── DATA PROVIDED

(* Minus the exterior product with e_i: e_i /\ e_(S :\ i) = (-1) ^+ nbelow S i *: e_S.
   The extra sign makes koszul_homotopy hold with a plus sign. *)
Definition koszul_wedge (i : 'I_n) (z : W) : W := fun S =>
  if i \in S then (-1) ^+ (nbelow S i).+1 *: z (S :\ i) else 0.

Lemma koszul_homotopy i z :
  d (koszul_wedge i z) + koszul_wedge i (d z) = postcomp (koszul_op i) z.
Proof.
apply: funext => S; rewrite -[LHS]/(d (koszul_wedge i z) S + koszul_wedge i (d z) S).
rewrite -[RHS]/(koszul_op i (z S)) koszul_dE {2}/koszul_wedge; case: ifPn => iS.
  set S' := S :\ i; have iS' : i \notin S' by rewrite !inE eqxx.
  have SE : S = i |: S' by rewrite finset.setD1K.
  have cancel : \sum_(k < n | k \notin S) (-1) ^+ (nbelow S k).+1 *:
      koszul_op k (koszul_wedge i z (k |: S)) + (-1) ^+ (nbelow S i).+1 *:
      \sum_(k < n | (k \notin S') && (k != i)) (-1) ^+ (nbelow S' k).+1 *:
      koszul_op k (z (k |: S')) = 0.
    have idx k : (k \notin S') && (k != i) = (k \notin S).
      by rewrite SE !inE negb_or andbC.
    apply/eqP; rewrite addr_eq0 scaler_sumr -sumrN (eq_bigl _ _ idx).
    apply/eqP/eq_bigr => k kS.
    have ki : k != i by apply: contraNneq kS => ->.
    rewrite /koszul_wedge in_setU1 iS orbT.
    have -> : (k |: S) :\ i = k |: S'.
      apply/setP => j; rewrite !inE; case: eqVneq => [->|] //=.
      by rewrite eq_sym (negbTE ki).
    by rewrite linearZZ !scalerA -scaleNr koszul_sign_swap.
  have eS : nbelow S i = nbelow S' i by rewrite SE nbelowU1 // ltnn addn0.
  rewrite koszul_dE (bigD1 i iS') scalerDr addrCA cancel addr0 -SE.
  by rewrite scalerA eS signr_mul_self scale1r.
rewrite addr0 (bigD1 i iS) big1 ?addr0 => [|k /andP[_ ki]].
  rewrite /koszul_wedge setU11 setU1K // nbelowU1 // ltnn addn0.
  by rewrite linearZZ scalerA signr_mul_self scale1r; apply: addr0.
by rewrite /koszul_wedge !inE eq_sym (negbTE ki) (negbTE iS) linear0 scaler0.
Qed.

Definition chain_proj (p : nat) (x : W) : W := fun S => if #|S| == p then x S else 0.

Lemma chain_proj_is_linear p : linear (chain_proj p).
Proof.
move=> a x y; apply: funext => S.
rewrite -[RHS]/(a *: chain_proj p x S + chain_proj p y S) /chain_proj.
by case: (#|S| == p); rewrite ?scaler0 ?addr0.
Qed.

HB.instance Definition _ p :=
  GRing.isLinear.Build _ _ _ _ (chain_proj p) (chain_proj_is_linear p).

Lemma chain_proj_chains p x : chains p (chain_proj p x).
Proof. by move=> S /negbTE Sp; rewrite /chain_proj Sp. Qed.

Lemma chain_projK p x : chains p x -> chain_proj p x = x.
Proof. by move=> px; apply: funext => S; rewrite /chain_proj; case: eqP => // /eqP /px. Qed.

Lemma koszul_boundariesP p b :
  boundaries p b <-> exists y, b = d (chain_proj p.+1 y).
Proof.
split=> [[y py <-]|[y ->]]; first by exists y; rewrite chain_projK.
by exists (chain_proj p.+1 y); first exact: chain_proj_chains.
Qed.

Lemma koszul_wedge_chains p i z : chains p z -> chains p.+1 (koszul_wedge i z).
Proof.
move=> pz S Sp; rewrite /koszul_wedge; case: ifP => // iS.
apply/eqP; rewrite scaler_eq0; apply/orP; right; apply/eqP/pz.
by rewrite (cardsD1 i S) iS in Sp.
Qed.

────

* **TASK INSTRUCTIONS**: Write out the full listing exactly as given.

* **ANSWER BELOW**:
(* Minus the exterior product with e_i: e_i /\ e_(S :\ i) = (-1) ^+ nbelow S i *: e_S.
   The extra sign makes koszul_homotopy hold with a plus sign. *)
Definition koszul_wedge (i : 'I_n) (z : W) : W := fun S =>
  if i \in S then (-1) ^+ (nbelow S i).+1 *: z (S :\ i) else 0.

Lemma koszul_homotopy i z :
  d (koszul_wedge i z) + koszul_wedge i (d z) = postcomp (koszul_op i) z.
Proof.
apply: funext => S; rewrite -[LHS]/(d (koszul_wedge i z) S + koszul_wedge i (d z) S).
rewrite -[RHS]/(koszul_op i (z S)) koszul_dE {2}/koszul_wedge; case: ifPn => iS.
  set S' := S :\ i; have iS' : i \notin S' by rewrite !inE eqxx.
  have SE : S = i |: S' by rewrite finset.setD1K.
  have cancel : \sum_(k < n | k \notin S) (-1) ^+ (nbelow S k).+1 *:
      koszul_op k (koszul_wedge i z (k |: S)) + (-1) ^+ (nbelow S i).+1 *:
      \sum_(k < n | (k \notin S') && (k != i)) (-1) ^+ (nbelow S' k).+1 *:
      koszul_op k (z (k |: S')) = 0.
    have idx k : (k \notin S') && (k != i) = (k \notin S).
      by rewrite SE !inE negb_or andbC.
    apply/eqP; rewrite addr_eq0 scaler_sumr -sumrN (eq_bigl _ _ idx).
    apply/eqP/eq_bigr => k kS.
    have ki : k != i by apply: contraNneq kS => ->.
    rewrite /koszul_wedge in_setU1 iS orbT.
    have -> : (k |: S) :\ i = k |: S'.
      apply/setP => j; rewrite !inE; case: eqVneq => [->|] //=.
      by rewrite eq_sym (negbTE ki).
    by rewrite linearZZ !scalerA -scaleNr koszul_sign_swap.
  have eS : nbelow S i = nbelow S' i by rewrite SE nbelowU1 // ltnn addn0.
  rewrite koszul_dE (bigD1 i iS') scalerDr addrCA cancel addr0 -SE.
  by rewrite scalerA eS signr_mul_self scale1r.
rewrite addr0 (bigD1 i iS) big1 ?addr0 => [|k /andP[_ ki]].
  rewrite /koszul_wedge setU11 setU1K // nbelowU1 // ltnn addn0.
  by rewrite linearZZ scalerA signr_mul_self scale1r; apply: addr0.
by rewrite /koszul_wedge !inE eq_sym (negbTE ki) (negbTE iS) linear0 scaler0.
Qed.

Definition chain_proj (p : nat) (x : W) : W := fun S => if #|S| == p then x S else 0.

Lemma chain_proj_is_linear p : linear (chain_proj p).
Proof.
move=> a x y; apply: funext => S.
rewrite -[RHS]/(a *: chain_proj p x S + chain_proj p y S) /chain_proj.
by case: (#|S| == p); rewrite ?scaler0 ?addr0.
Qed.

HB.instance Definition _ p :=
  GRing.isLinear.Build _ _ _ _ (chain_proj p) (chain_proj_is_linear p).

Lemma chain_proj_chains p x : chains p (chain_proj p x).
Proof. by move=> S /negbTE Sp; rewrite /chain_proj Sp. Qed.

Lemma chain_projK p x : chains p x -> chain_proj p x = x.
Proof. by move=> px; apply: funext => S; rewrite /chain_proj; case: eqP => // /eqP /px. Qed.

Lemma koszul_boundariesP p b :
  boundaries p b <-> exists y, b = d (chain_proj p.+1 y).
Proof.
split=> [[y py <-]|[y ->]]; first by exists y; rewrite chain_projK.
by exists (chain_proj p.+1 y); first exact: chain_proj_chains.
Qed.

Lemma koszul_wedge_chains p i z : chains p z -> chains p.+1 (koszul_wedge i z).
Proof.
move=> pz S Sp; rewrite /koszul_wedge; case: ifP => // iS.
apply/eqP; rewrite scaler_eq0; apply/orP; right; apply/eqP/pz.
by rewrite (cardsD1 i S) iS in Sp.
Qed.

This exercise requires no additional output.